Suggested retail price: $29.98; Blu-ray $39.99

“TO ROME WITH LOVE,” starring Woody Allen and Alec Baldwin. Likable comic anthology from the ever-prolific Allen spends some agreeable time in the titular series, eavesdropping on an opera director (Allen) attempting to make a star out of one of his in-laws, and a young architect (Jesse Eisenberg) who is struggling with his feelings for his significant other’s visiting friend (Ellen Page). The Woodman largely fails to recapture that recent “Midnight in Paris” magic, but Allen lite is still Allen. Even at 76, the man’s got the best comic timing in town.
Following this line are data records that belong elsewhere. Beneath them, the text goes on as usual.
(* t_{k <-> k+1}: interchange the k-th and (k+1)-th integral steps (1-indexed) *)
Definition swap_steps (k : nat) (t : seq step) : seq step :=
  set_nth (0, 0) (set_nth (0, 0) t k.-1 (nth (0, 0) t k)) k (nth (0, 0) t k.-1).

Definition gap (la nu : seq nat) (i : nat) : int :=
  (Posz (minn (row la i.-1) (row nu i.-1)) - Posz (maxn (row la i) (row nu i)))%R.
Definition min_gap (la nu : seq nat) : int :=
  let L := maxn (size la) (size nu) in
  \big[Order.min/gap la nu 2]_(2 <= i < L.+1) gap la nu i.

Definition coPieri (la nu : seq nat) (s : nat) : Prop :=
  [/\ (sumn nu <= sumn la + s)%N,
      (exists t, Std_zero s la nu t)
    & (s = 1%N \/
       ((1 < s)%N /\
        ((2 <= maxn (size la) (size nu))%N ->
         (Posz s <= Posz (maxn (skew_diff_size la nu) (skew_diff_size nu la))
                  + min_gap la nu)%R)))].

Definition phi (p q : seq step) : seq step :=
  [seq (x.2.1.-1, x.1.2.-1) | x <- zip p q].

(* the disjoint union indexing set: triples (alpha, p, q) *)
Definition phi_dom (n s : nat) (la nu : seq nat) (x : seq nat * seq step * seq step)
  : Prop :=
  let: (al, p, q) := x in
  [/\ is_part al, sumn al = (n - s)%N,
      pcontained al (pmeet (part_n n la) (part_n n nu)),
      Std s al (part_n n nu) p & Std s (part_n n la) al q].

From Pilot Require Import Defs.
From mathcomp Require Import all_boot all_order all_algebra zify.
Import Defs. (* so that [row] is the row of a partition, not mathcomp's matrix row *)
Import Order.TTheory GRing.Theory.
Set Implicit Arguments. Unset Strict Implicit. Unset Printing Implicit Defensive.

(* Counting boxes, for n large an element of Std_s(nu_[n] \ alpha) only adds boxes and an
   element of Std_s(alpha \ la_[n]) only removes them, so phi_s, which shifts every index
   down by one row, loses no information: p and q are the lifts of u = phi_s(p, q), and
   alpha is la_[n] minus the removals of u, shifted down a row.  What remains is that all
   intermediate shapes are partitions.  For s > 1 the co-Pieri bound forces the numbers
   a_i, r_i of boxes added to and removed from row i by any u in Std^+_s to satisfy
   la_(i+1) + a_(i+1) + r_i <= la_i, and then every ordering of the steps of u, and of
   its lifts, is valid; this covers u, p, q and all their swaps at once.  For s = 1 there
   is a single intermediate shape to check. *)

Lemma count_take_leq (T : Type) (P : pred T) k (t : seq T) :
  count P (take k t) <= count P t.
Proof. by rewrite -{2}(cat_take_drop k t) count_cat leq_addr. Qed.

Lemma sum_eq_succ (x M : nat) : \sum_(i < M) (x == i.+1 : nat) = (0 < x <= M).
Proof.
elim: M => [|M IH]; first by rewrite big_ord0; case: x.
rewrite big_ord_recr /= IH.
by case: x {IH} => [|x] //=; rewrite eqSS ltnS; case: ltngtP.
Qed.

Lemma sum_count_succ (T : Type) (f : T -> nat) (t : seq T) M :
  \sum_(i < M) count (fun a => f a == i.+1) t = count (fun a => 0 < f a <= M) t.
Proof.
elim: t => [|x t IH] /=; first by rewrite big1.
by rewrite big_split /= IH sum_eq_succ.
Qed.

Lemma sum_nth_sumn (s : seq nat) M : size s <= M -> \sum_(i < M) nth 0 s i = sumn s.
Proof.
elim: s M => [|x s IH] M s_M; first by rewrite big1 // => i; rewrite nth_nil.
by case: M s_M => // M s_M; rewrite big_ord_recl IH.
Qed.

Lemma sum_succ_pair_leq (g : nat -> nat) L a :
  a.+1 < L -> g a + g a.+1 <= \sum_(j < L) g j.
Proof.
elim: L => [|L IH] //; rewrite ltnS leq_eqVlt big_ord_recr /= => /orP[/eqP aL|/IH a_L].
  by rewrite -aL leq_add2r big_ord_recr leq_addl.
exact: leq_trans a_L (leq_addr _ _).
Qed.

Definition adds (t : seq step) (i : nat) : nat := count (fun st : step => st.2 == i) t.
Definition rems (t : seq step) (i : nat) : nat := count (fun st : step => st.1 == i) t.

Lemma adds_perm (t t' : seq step) i : perm_eq t t' -> adds t i = adds t' i.
Proof. by move/permP; apply. Qed.

Lemma rems_perm (t t' : seq step) i : perm_eq t t' -> rems t i = rems t' i.
Proof. by move/permP; apply. Qed.

Definition ends_at (la nu : seq nat) (t : seq step) : Prop :=
  forall i, 1 <= i -> row nu i + rems t i = row la i + adds t i.

Lemma ends_at_perm la nu (t t' : seq step) :
  perm_eq t t' -> ends_at la nu t -> ends_at la nu t'.
Proof. by move=> tt' e i /e; rewrite (adds_perm i tt') (rems_perm i tt'). Qed.

Lemma shape_at_size la nu (t : seq step) :
  ends_at la nu t -> forall i, 1 <= i -> shape_at la t (size t) i = Posz (row nu i).
Proof. by move=> e i /e; rewrite /shape_at /n_add /n_rem take_size /adds /rems; lia. Qed.

Lemma Std_ends_at s la nu (t : seq step) : Std s la nu t -> ends_at la nu t.
Proof.
by case=> _ <- _ fin i /fin; rewrite /shape_at /n_add /n_rem take_size /adds /rems; lia.
Qed.

(* Sum [ends_at] over the rows i >= 1: a step with both indices nonzero moves one box. *)
Lemma box_balance la nu (t : seq step) :
  ends_at la nu t -> sumn nu + adds t 0 = sumn la + rems t 0.
Proof.
move=> e; set M := size la + size nu + \max_(st <- t) (st.1 + st.2).
have st_M st : st \in t -> (st.1 <= M) && (st.2 <= M).
  move=> st_t; have st_max : st.1 + st.2 <= \max_(st <- t) (st.1 + st.2).
    exact: leq_bigmax_seq.
  by apply/andP; split; rewrite /M; lia.
have nonzero_rows (f : step -> nat) :
    (forall st, st \in t -> f st <= M) ->
    \sum_(i < M) count (fun st => f st == i.+1) t = size t - count (fun st => f st == 0) t.
  move=> f_M; rewrite sum_count_succ -(count_predC (fun st => f st == 0) t) addKn.
  by apply: eq_in_count => st /f_M /= ->; rewrite andbT lt0n.
have rows_sum : \sum_(i < M) (row nu i.+1 + rems t i.+1) =
                \sum_(i < M) (row la i.+1 + adds t i.+1).
  by apply: eq_bigr => i _; apply: e.
move: rows_sum; rewrite !big_split /= !sum_nth_sumn ?/M; try lia.
rewrite /rems /adds !nonzero_rows => [|st /st_M /andP[]|st /st_M /andP[]] //.
have := count_size (fun st : step => st.1 == 0) t.
have := count_size (fun st : step => st.2 == 0) t; lia.
Qed.

Lemma ends_at_sumn_leq la nu (t : seq step) :
  ends_at la nu t -> sumn nu <= sumn la + size t.
Proof.
by move/box_balance; have : rems t 0 <= size t := count_size _ t; lia.
Qed.

Lemma ends_at_pure_adds la nu (t : seq step) :
  ends_at la nu t -> sumn nu = sumn la + size t ->
  forall st, st \in t -> st.1 = 0 /\ 0 < st.2.
Proof.
move/box_balance=> bal t_sum.
have C0 : rems t 0 <= size t := count_size _ t.
have all_rem0 : rems t 0 = size t by lia.
have no_add0 : adds t 0 = 0 by lia.
have rem_all : all (fun st : step => st.1 == 0) t by rewrite all_count; apply/eqP.
have no_add : ~~ has (fun st : step => st.2 == 0) t.
  by rewrite has_count -leqNgt leqn0; apply/eqP.
by move=> st st_t; rewrite lt0n (hasPn no_add) // (eqP (allP rem_all _ st_t)).
Qed.

Lemma ends_at_pure_rems la nu (t : seq step) :
  ends_at la nu t -> sumn la = sumn nu + size t ->
  forall st, st \in t -> 0 < st.1 /\ st.2 = 0.
Proof.
move/box_balance=> bal t_sum.
have A0 : adds t 0 <= size t := count_size _ t.
have all_add0 : adds t 0 = size t by lia.
have no_rem0 : rems t 0 = 0 by lia.
have add_all : all (fun st : step => st.2 == 0) t by rewrite all_count; apply/eqP.
have no_rem : ~~ has (fun st : step => st.1 == 0) t.
  by rewrite has_count -leqNgt leqn0; apply/eqP.
by move=> st st_t; rewrite lt0n (hasPn no_rem) // (eqP (allP add_all _ st_t)).
Qed.

Lemma partition_rows_ext (f g : nat -> int) :
  (forall i, 1 <= i -> f i = g i) -> is_partition_rows f -> is_partition_rows g.
Proof. by move=> fg f_part i i1; rewrite -!fg //; apply: f_part. Qed.

Lemma partition_rows_shift (f : nat -> int) :
  is_partition_rows f -> is_partition_rows (fun i => f i.+1).
Proof. by move=> f_part i _; apply: f_part. Qed.

Lemma part_nthS_leq x i : is_part x -> nth 0 x i.+1 <= nth 0 x i.
Proof.
case/andP=> x_sorted _; case: (ltnP i.+1 (size x)) => [i_x|]; last by move/(nth_default 0)->.
have geq_trans : transitive geq by move=> a b c ba cb; apply: leq_trans cb ba.
by apply: (sorted_leq_nth geq_trans) => //; [exact: leqnn | exact: ltn_trans i_x].
Qed.

Lemma part_rows x : is_part x -> is_partition_rows (fun i => Posz (row x i)).
Proof. by move=> x_part [|i] // _; split=> //; rewrite lez_nat; apply: part_nthS_leq. Qed.

Lemma row1_leq_sumn x : row x 1 <= sumn x.
Proof. by case: x => //= a x; rewrite leq_addr. Qed.

Lemma row_part_n1 n x : row (part_n n x) 1 = n - sumn x.
Proof. by []. Qed.

Lemma row_part_nS n x i : 1 <= i -> row (part_n n x) i.+1 = row x i.
Proof. by case: i. Qed.

Lemma part_n_rows n x :
  is_part x -> row x 1 + sumn x <= n -> is_partition_rows (fun i => Posz (row (part_n n x) i)).
Proof.
move=> x_part x_n [|[|i]] // _; split; rewrite ?lez_nat //.
  by rewrite row_part_nS // row_part_n1; lia.
by rewrite !row_part_nS //; have [] := part_rows x_part (ltn0Sn i).
Qed.

Lemma part_eq_nth a b : is_part a -> is_part b -> (forall i, nth 0 a i = nth 0 b i) -> a = b.
Proof.
move=> /andP[_ /allP a_pos] /andP[_ /allP b_pos] ab.
have size_ab : size a = size b.
  apply/eqP; rewrite eqn_leq; apply/andP; split; rewrite leqNgt; apply/negP => lt_size.
    by have := a_pos _ (mem_nth 0 lt_size); rewrite ab nth_default.
  by have := b_pos _ (mem_nth 0 lt_size); rewrite -ab nth_default.
by apply: (eq_from_nth (x0 := 0)) => // i _; apply: ab.
Qed.

Fixpoint partition_of_rows (f : nat -> nat) (M : nat) : seq nat :=
  if M is M'.+1 then
    (if f 0 == 0 then [::] else f 0 :: partition_of_rows (fun i => f i.+1) M')
  else [::].
Lemma walk_rev k u v : walk e k u v -> walk (revg e) k v u.
Proof.
case=> p [Hs Hp Hl]; exists (rev (belast u p)); split.
- by rewrite size_rev size_belast.
- by rewrite -Hl rev_path.
- by case/lastP: p {Hs Hp} Hl => [|p y] //= _; rewrite belast_rcons rev_cons last_rcons.
Qed.

Lemma dist_le k u v : walk e k u v -> k < n -> dist e u v <= k.
Proof.
move=> Hw Hk; rewrite leqNgt; apply/negP => Hlt.
have := before_find 0 Hlt; rewrite nth_iota // add0n.
by move/negbT/negP; apply; apply/reachP.
Qed.

Lemma dist_refl u : dist e u u = 0.
Proof.
by apply/eqP; rewrite -leqn0; apply: (@dist_le 0); [exists [::]|apply: leq_ltn_trans (ltn_ord u)].
Qed.

End Walks.

Section StronglyConnected.
Variables (n : nat) (e : rel 'I_n).
Hypothesis sc : strongly_connected e.

(* Removing cycles from a connecting walk leaves at most n - 1 edges. *)
Lemma walk_short u v : walk e n.-1 u v.
Proof.
case/connectP: (sc u v) => p Hp ->; case: (shortenP Hp) => p' Hp' Hu _.
exists p'; split=> //; have := max_card (mem (u :: p')).
by rewrite card_ord (card_uniqP Hu) /=; lia.
Qed.

Lemma dist_lt u v : dist e u v < n.
Proof.
rewrite /dist -[X in _ < X](size_iota 0 n) -has_find; apply/hasP; exists n.-1.
  by rewrite mem_iota add0n; have := ltn_ord u; lia.
by apply/reachP; apply: walk_short.
Qed.

Lemma dist_walk u v : walk e (dist e u v) u v.
Proof.
have Hh : has (fun k => v \in reach e k u) (iota 0 n).
  by rewrite has_find size_iota dist_lt.
by have := nth_find 0 Hh; rewrite nth_iota ?dist_lt // add0n => /reachP.
Qed.

Lemma dist_tri u x v : dist e u v <= dist e u x + dist e x v.
Proof.
case: (ltnP (dist e u x + dist e x v) n) => H; last exact: leq_trans (ltnW (dist_lt u v)) H.
by apply: dist_le => //; apply: walk_cat (dist_walk u x) (dist_walk x v).
Qed.

Lemma dist_edge u v : e u v -> dist e u v <= 1.
Proof.
move=> He; case: (ltnP 1 n) => H; last exact: leq_trans (ltnW (dist_lt u v)) H.
by apply: dist_le => //; exists [:: v]; rewrite /= He.
Qed.

Lemma dist_split j u v :
  j <= dist e u v -> exists t, dist e u t = j /\ dist e t v = dist e u v - j.
Proof.
move=> Hj; have [t [H1 H2]] := walk_split Hj (dist_walk u v).
have Hn := dist_lt u v; have := dist_tri u t v.
have := dist_le H1 (leq_ltn_trans Hj Hn).
have := dist_le H2 (leq_ltn_trans (leq_subr _ _) Hn).
by exists t; split; lia.
Qed.

Lemma dist_step t v :
  0 < dist e t v -> exists x, e t x /\ dist e x v < dist e t v.
Proof.
move=> Hpos; case: (dist_walk t v) => [[|x p] [Hs Hp Hl]].
  by move: Hpos; rewrite -Hl dist_refl.
case/andP: Hp => Hx Hp; exists x; split=> //.
rewrite -(prednK Hpos) ltnS; apply: dist_le; first by exists p; split=> //; move: Hs => /=; lia.
exact: leq_ltn_trans (leq_pred _) (dist_lt t v).
Qed.

(* For a radius r > 0, some vertex t of the open ball of radius r around u
   is at distance at most d(u,v) + 1 - r from v: either v itself, or the
   vertex at distance r - 1 on a shortest u-v path. *)
Lemma ball_exit r u v :
  0 < r -> exists t, dist e u t < r /\ dist e t v <= (dist e u v).+1 - r.
Proof.
move=> Hr; case: (ltnP (dist e u v) r) => Hd.
  by exists v; rewrite dist_refl; split; lia.
have [t [Ht1 Ht2]] := dist_split (leq_trans (leq_pred r) Hd).
by exists t; split; lia.
Qed.

End StronglyConnected.

Section Reversal.
Variables (n : nat) (e : rel 'I_n).
Hypothesis sc : strongly_connected e.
Rated R. Running time: 1:52

Suggested retail price: $30.99; Blu-ray $35.99

“WON’T BACK DOWN,” starring Viola Davis and Maggie Gyllenhaal. A young mother (Gyllenhaal), fed up with her local elementary school and their disregard for her dyslexic daughter’s needs, teams up with a like-minded third-grade teacher (Davis) to try and bring about some much-needed change to their school system. It’s certainly not the least preachy film you’ll watch this year, but Davis and Gyllenhaal are easy to root for, and the intent is certainly a noble one. Rated PG. Running time: 2:01

Suggested retail price: $22.98; Blu-ray $29.99


“THE MAN WHO KNEW TOO MUCH,” starring Peter Lorre and Leslie Banks. Although the remake with Jimmy Stewart and Doris Day (also directed by Hitchcock) tends to get more attention, this 1934 comedy-thriller is every bit as entertaining and less fluffy besides. This one includes an iconic performance by the great Lorre as a seemingly benign German tourist who proves to be one of screendom’s more memorable psychotic villains, kidnapping the daughter of a vacationing couple after they unwittingly gain possession of the details of an assassination plot. The idea of relatively ordinary people being thrust into extraordinary circumstances is a well Hitch would return to more than once, and his glee in cramming as many genres into one film as possible is apparent even that early on. Special features include an extensive 1972 interview with Hitchcock. Not rated; contains some violence. Running time: 1:15.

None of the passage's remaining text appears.